Jan Wieck JanWieck
Thu Dec 1 21:20:58 PST 2005
On 11/30/2005 7:04 PM, Casey Duncan wrote:

> I've run up against the fairly well documented constraint in the  
> copy_set() function in remote_worker.c. The constraint delays copy_set  
> if there is a pending transaction that was opened prior to the one that  
> installed the slony triggers.
> 
> This entry in the faq describes the issue:
> http://developer.postgresql.org/~wieck/slony1/adminguide-1.1.rc1/ 
> faq.html#AEN2675
> 
> My question has to do with the last paragraph of that entry:
> 
> "By the way, if there is more than one database on the PostgreSQL  
> cluster, and activity is taking place on the OTHER database, that will  
> lead to there being "transactions earlier than XID whatever" being  
> found to be still in progress. The fact that it's a separate database  
> on the cluster is irrelevant; Slony-I will wait until those old  
> transactions terminate."
> 
> (I'm glad that was in there otherwise I'd have torn my hair out by now  
> btw ;^)
> 
> Looking at the code for copy_set(), it makes a query that calls the  
> getMinXid() stored func to check for pending transactions. getMinXid(),  
> as I understand it returns the transaction id of the oldest running  
> transaction in the entire postgres cluster, regardless of what database  
> it is in.
> 
> I wonder why this blanket limitation is necessary. could we not, at  
> least in theory, limit this check to the subscribing node db (and maybe  
> the provider node, I'm not sure)?
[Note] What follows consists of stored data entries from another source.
Lemma tree_splice S F s t t' :
  is_tree S F -> [set s; t] \in F -> [set s; t'] \in F -> t != t' ->
  (forall z, [set s; z] \in F -> z = t \/ z = t') ->
  is_tree (S :\ s) ([set t; t'] |: (F :\ [set s; t] :\ [set s; t'])).
Proof.
move=> trF stF st'F tt' nbs; have [_ edgF connS cardF] := trF.
have [st sS tS] := tree_edge_ends trF stF; have [st' _ t'S] := tree_edge_ends trF st'F.
have stt' : [set s; t] != [set s; t'] by apply: contra_neq tt' => /set2_injr.
have tt'F := tree_triangle_free trF stF st'F tt'.
set F' := F :\ [set s; t] :\ [set s; t'].
have sF' e : e \in F' -> s \notin e.
  move=> /setD1P [ne1 /setD1P [ne2 eF]]; apply/negP => /(tree_edge_at trF eF) [z Ez].
  by case: (nbs z); rewrite -?Ez // => Ez'; rewrite Ez Ez' eqxx in ne1 ne2.
split.
- by apply/set0Pn; exists t; rewrite in_setD1 eq_sym st tS.
- move=> e; rewrite in_setU1 => /orP [/eqP -> | eF'].
    by exists t, t'; rewrite !in_setD1 tS t'S !andbT ![_ == s]eq_sym st st'.
  have := sF' _ eF'; move: eF' => /setD1P [_ /setD1P [_ /edgF [x [y [xy xS yS ->]]]]].
  rewrite !inE negb_or => /andP [sx sy].
  by exists x, y; rewrite !in_setD1 xS yS ![_ == s]eq_sym sx sy.
- move=> u v /setD1P [us uS] /setD1P [vs vS].
  pose f z := if z == s then t else z.
  have f_id z : z != s -> f z = z by move=> zs; rewrite /f (negbTE zs).
  have f_s : f s = t by rewrite /f eqxx.
  rewrite -(f_id u us) -(f_id v vs).
  apply: (connect_map _ (connS u v uS vS)) => x y xyF.
  have reach_t z : [set s; z] \in F -> connect (edge_rel ([set t; t'] |: F')) t (f z).
    have ts : t != s by rewrite eq_sym.
    have t's : t' != s by rewrite eq_sym.
    by case/nbs=> ->; rewrite f_id // ?connect0 //; apply: connect_edge; rewrite setU11.
  have [xs | xs] := eqVneq x s; first by subst x; rewrite f_s; apply: reach_t.
  have [ys | ys] := eqVneq y s.
    by subst y; rewrite f_s connect_edgeC; apply: reach_t; rewrite setUC.
  have ne z : [set x; y] != [set s; z].
    by apply/eqP => /set2_eq [[E _] | [_ E]]; [rewrite E eqxx in xs | rewrite E eqxx in ys].
  by rewrite !f_id //; apply: connect_edge; rewrite in_setU1 !in_setD1 !ne xyF orbT.
- have := cardsD1 [set s; t] F; have := cardsD1 [set s; t'] (F :\ [set s; t]).
  have := cardsD1 s S; rewrite cardsU1 !in_setD1 (negbTE tt'F) !andbF eq_sym stt' stF st'F sS.
  rewrite -/F' cardF /= => -> ->; set k := #|F'|; set j := #|S :\ s|; lia.
Qed.

Lemma subgraph_separates_neighbours S F SH FH s x y :
  is_tree S F -> is_subgraph SH FH S F -> s \notin SH ->
  [set s; x] \in F -> [set s; y] \in F -> x != y -> ~~ connect (edge_rel FH) x y.
Proof.
move=> trF [_ FHF FHSH] sSH sxF syF xy; apply/negP => cxy.
have FH_sx : FH \subset F :\ [set s; x].
  apply/subsetP => e eFH; rewrite in_setD1 (subsetP FHF) // andbT.
  by apply: contraNneq sSH => Ee; rewrite Ee in eFH; case: (FHSH _ _ eFH).
apply: (negP (tree_bridge trF sxF)); apply: (@connect_trans _ _ y).
  by apply: connect_edge; rewrite in_setD1 syF andbT; apply: contra_neq xy => /set2_injr.
by rewrite connect_edgeC (connect_subset FH_sx).
Qed.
If so, to my naive eyes, it would  
> seem appropriate to query pg_locks or pg_stat_activity to perform this  
> check, limiting it to only the databases that were absolutely necessary  
> to check. Is this possible or is there some limitation or edge case  
> that makes this unsafe? Will long-running read transactions also block  
> copy_set?

This "blanket limitation" is used because this information is readily 
available in the transactions snapshot information. To the the fine 
grained information you're looking for, one would have to traverse the 
PGPROC array that's sitting in shared memory.


> 
> I'd like to develop a patch that loosens this restriction if possible.  
> I'm finding it quite troublesome especially on my dev and qa systems.

If you have broken clients that leave open transactions around for 
infinite times (I don't say you have, but I have seen that before), then 
you have much bigger problems to worry about. One of them would be that 
vacuum cannot remove rows, which in the Slony case will also cause that 
pg_listener and other relations will clog up with dead tuples.